» **Provided material**:
Segment Open

(* If $f\in\mathcal G_0\setminus\{i\}$, then there exist $g_1,g_2\in\mathcal G_0$ such that $$\int_{-1}^1 f(g_1^{-1}(t))\,dt>0>\int_{-1}^1 f(g_2^{-1}(t))\,dt,$$ i.e. $Q(f,g_1)>0>Q(f,g_2)$, so $g_1\to f\to g_2$ in $\Gamma_{\mathcal G}$. If moreover $f\in\mathcal G_0\setminus\mathcal G_{00}$, then $g_1,g_2$ can be chosen in $\mathcal G_{00}$.
   Context: Let $\mathcal G$ be the group (under composition) of strictly increasing continuous maps $f:[-1,1]\to[-1,1]$ with $f(\pm1)=\pm1$; $i\in\mathcal G$ is the identity $i(t)=t$. Let $\mathcal G_0=\{f\in\mathcal G:\int_{-1}^1 f(t)\,dt=0\}$ and $\mathcal G_{00}=\{f\in\mathcal G: f(-t)=-f(t)\ \forall t\}$ (the odd elements; $\mathcal G_{00}\subset\mathcal G_0$). For $f,g\in\mathcal G$ put $Q(f,g)=\int_{-1}^1 f(g^{-1}(t))\,dt$. The digraph $\Gamma_{\mathcal G}$ on $\mathcal G$ has an edge $g\to f$ iff $Q(f,g)>0$. *)

From Stdlib Require Import Reals ClassicalEpsilon.
From Coquelicot Require Import Coquelicot.
Open Scope R_scope.

Definition I11 (x : R) : Prop := -1 <= x <= 1.

(* f : [-1,1] -> [-1,1] represented as a function R -> R whose values outside
   [-1,1] are irrelevant. *)
Definition inG (f : R -> R) : Prop :=
  (forall x y, I11 x -> I11 y -> x < y -> f x < f y) /\
  (forall x, I11 x -> filterlim f (within I11 (locally x)) (locally (f x))) /\
  f (-1) = -1 /\ f 1 = 1.

Definition inG0 (f : R -> R) : Prop := inG f /\ RInt f (-1) 1 = 0.

Definition inG00 (f : R -> R) : Prop :=
  inG f /\ (forall t, I11 t -> f (- t) = - f t).

Definition is_id (f : R -> R) : Prop := forall t, I11 t -> f t = t.

Definition Ginv (g : R -> R) (y : R) : R :=
  epsilon (inhabits 0) (fun x => I11 x /\ g x = y).

Definition Q (f g : R -> R) : R := RInt (fun t => f (Ginv g t)) (-1) 1.

(* For g in G the substitution t = g(s) gives Q(f,g) = \int f g'.  Take g piecewise linear
   with nodes -1, -c, 0, c, 1 and slopes r1, r2, r3, r4; then Q(f,g) = sum_i r_i \int_{I_i} f,
   and g(1) = 1 and \int g = 0 are linear conditions on the slopes.
   - If f is not odd, the odd perturbation r1 = r4 = 1 - e c, r2 = r3 = 1 + e (1 - c) gives
     Q(f,g) = e \int_{-c}^c f (using \int f = 0); if this vanished for every c, the integral of
     f(s) + f(-s) over [0,c] would vanish for all c, so f would be odd.
   - If f is odd but not the identity, the skew perturbation
     (r1, r2, r3, r4) = (1 + e c^2, 1 - e (1 - c^2), 1 + e (1 - c^2), 1 - e c^2) keeps \int g = 0
     and gives Q(f,g) = 2 e ((1 - c^2) \int_0^c f - c^2 \int_c^1 f); if this vanished for every c,
     f(s) - 2 (\int_0^1 f) s would have vanishing integrals over all [0,c], so f(s) = s.
   Taking e = 1/2 and e = -1/2 gives both signs. *)

From Stdlib Require Import Reals Lra Psatz Classical ClassicalEpsilon.
From Coquelicot Require Import Coquelicot.
Open Scope R_scope.

(* Coquelicot states [RInt] equations in the type of its normed module, which [field] and
   [lra] do not recognise as [R]. *)
Ltac R_eq := match goal with |- ?u = ?v => change (u = v :> R) end.

Definition clamp (p q s : R) : R := Rmax p (Rmin q s).

Lemma clamp_lipschitz p q x y : Rabs (clamp p q x - clamp p q y) <= Rabs (x - y).
Proof.
  unfold clamp, Rmax, Rmin. repeat destruct Rle_dec; unfold Rabs; repeat destruct Rcase_abs; lra.
Qed.

Lemma continuous_clamp p q x : continuous (clamp p q) x.
Proof.
  apply filterlim_locally. intros eps. exists eps. intros y Hy.
  exact (Rle_lt_trans _ _ _ (clamp_lipschitz p q y x) Hy).
Qed.

Lemma clamp_left p q s : p <= q -> s <= p -> clamp p q s = p.
Proof. intros. unfold clamp, Rmax, Rmin. repeat destruct Rle_dec; lra. Qed.

Lemma clamp_right p q s : p <= q -> q <= s -> clamp p q s = q.
Proof. intros. unfold clamp, Rmax, Rmin. repeat destruct Rle_dec; lra. Qed.

Lemma clamp_id p q s : p <= s <= q -> clamp p q s = s.
Proof. intros. unfold clamp, Rmax, Rmin. repeat destruct Rle_dec; lra. Qed.

Lemma clamp_le p q x y : x <= y -> clamp p q x <= clamp p q y.
Proof. intros. unfold clamp, Rmax, Rmin. repeat destruct Rle_dec; lra. Qed.

Lemma clamp_bounds p q s : p <= q -> p <= clamp p q s <= q.
Proof. intros. unfold clamp, Rmax, Rmin. repeat destruct Rle_dec; lra. Qed.

Ltac simpl_clamp :=
  repeat match goal with
  | |- context [clamp ?p ?q ?s] =>
      first [ rewrite (clamp_left p q s) by lra | rewrite (clamp_right p q s) by lra
            | rewrite (clamp_id p q s) by lra ]
  end.

Lemma continuous_Rplus (f g : R -> R) x :
  continuous f x -> continuous g x -> continuous (fun y => f y + g y) x.
Proof. apply (continuous_plus f g). Qed.

Lemma continuous_Rmult (f g : R -> R) x :
  continuous f x -> continuous g x -> continuous (fun y => f y * g y) x.
Proof. apply (continuous_mult f g). Qed.

Lemma continuous_Rminus (f g : R -> R) x :
  continuous f x -> continuous g x -> continuous (fun y => f y - g y) x.
Proof. apply (continuous_minus f g). Qed.

Lemma continuous_Ropp (f : R -> R) x : continuous f x -> continuous (fun y => - f y) x.
Proof. apply (continuous_opp f). Qed.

Segment Closed

» **Work instructions**: Repeat exactly the lines of the material above, taking the first line, the line with "the integral of", and every line between them.

» **Output of the exercise**:
(* If $f\in\mathcal G_0\setminus\{i\}$, then there exist $g_1,g_2\in\mathcal G_0$ such that $$\int_{-1}^1 f(g_1^{-1}(t))\,dt>0>\int_{-1}^1 f(g_2^{-1}(t))\,dt,$$ i.e. $Q(f,g_1)>0>Q(f,g_2)$, so $g_1\to f\to g_2$ in $\Gamma_{\mathcal G}$. If moreover $f\in\mathcal G_0\setminus\mathcal G_{00}$, then $g_1,g_2$ can be chosen in $\mathcal G_{00}$.
   Context: Let $\mathcal G$ be the group (under composition) of strictly increasing continuous maps $f:[-1,1]\to[-1,1]$ with $f(\pm1)=\pm1$; $i\in\mathcal G$ is the identity $i(t)=t$. Let $\mathcal G_0=\{f\in\mathcal G:\int_{-1}^1 f(t)\,dt=0\}$ and $\mathcal G_{00}=\{f\in\mathcal G: f(-t)=-f(t)\ \forall t\}$ (the odd elements; $\mathcal G_{00}\subset\mathcal G_0$). For $f,g\in\mathcal G$ put $Q(f,g)=\int_{-1}^1 f(g^{-1}(t))\,dt$. The digraph $\Gamma_{\mathcal G}$ on $\mathcal G$ has an edge $g\to f$ iff $Q(f,g)>0$. *)

From Stdlib Require Import Reals ClassicalEpsilon.
From Coquelicot Require Import Coquelicot.
Open Scope R_scope.

Definition I11 (x : R) : Prop := -1 <= x <= 1.

(* f : [-1,1] -> [-1,1] represented as a function R -> R whose values outside
   [-1,1] are irrelevant. *)
Definition inG (f : R -> R) : Prop :=
  (forall x y, I11 x -> I11 y -> x < y -> f x < f y) /\
  (forall x, I11 x -> filterlim f (within I11 (locally x)) (locally (f x))) /\
  f (-1) = -1 /\ f 1 = 1.

Definition inG0 (f : R -> R) : Prop := inG f /\ RInt f (-1) 1 = 0.

Definition inG00 (f : R -> R) : Prop :=
  inG f /\ (forall t, I11 t -> f (- t) = - f t).

Definition is_id (f : R -> R) : Prop := forall t, I11 t -> f t = t.

Definition Ginv (g : R -> R) (y : R) : R :=
  epsilon (inhabits 0) (fun x => I11 x /\ g x = y).

Definition Q (f g : R -> R) : R := RInt (fun t => f (Ginv g t)) (-1) 1.

(* For g in G the substitution t = g(s) gives Q(f,g) = \int f g'.  Take g piecewise linear
   with nodes -1, -c, 0, c, 1 and slopes r1, r2, r3, r4; then Q(f,g) = sum_i r_i \int_{I_i} f,
   and g(1) = 1 and \int g = 0 are linear conditions on the slopes.
   - If f is not odd, the odd perturbation r1 = r4 = 1 - e c, r2 = r3 = 1 + e (1 - c) gives
     Q(f,g) = e \int_{-c}^c f (using \int f = 0); if this vanished for every c, the integral of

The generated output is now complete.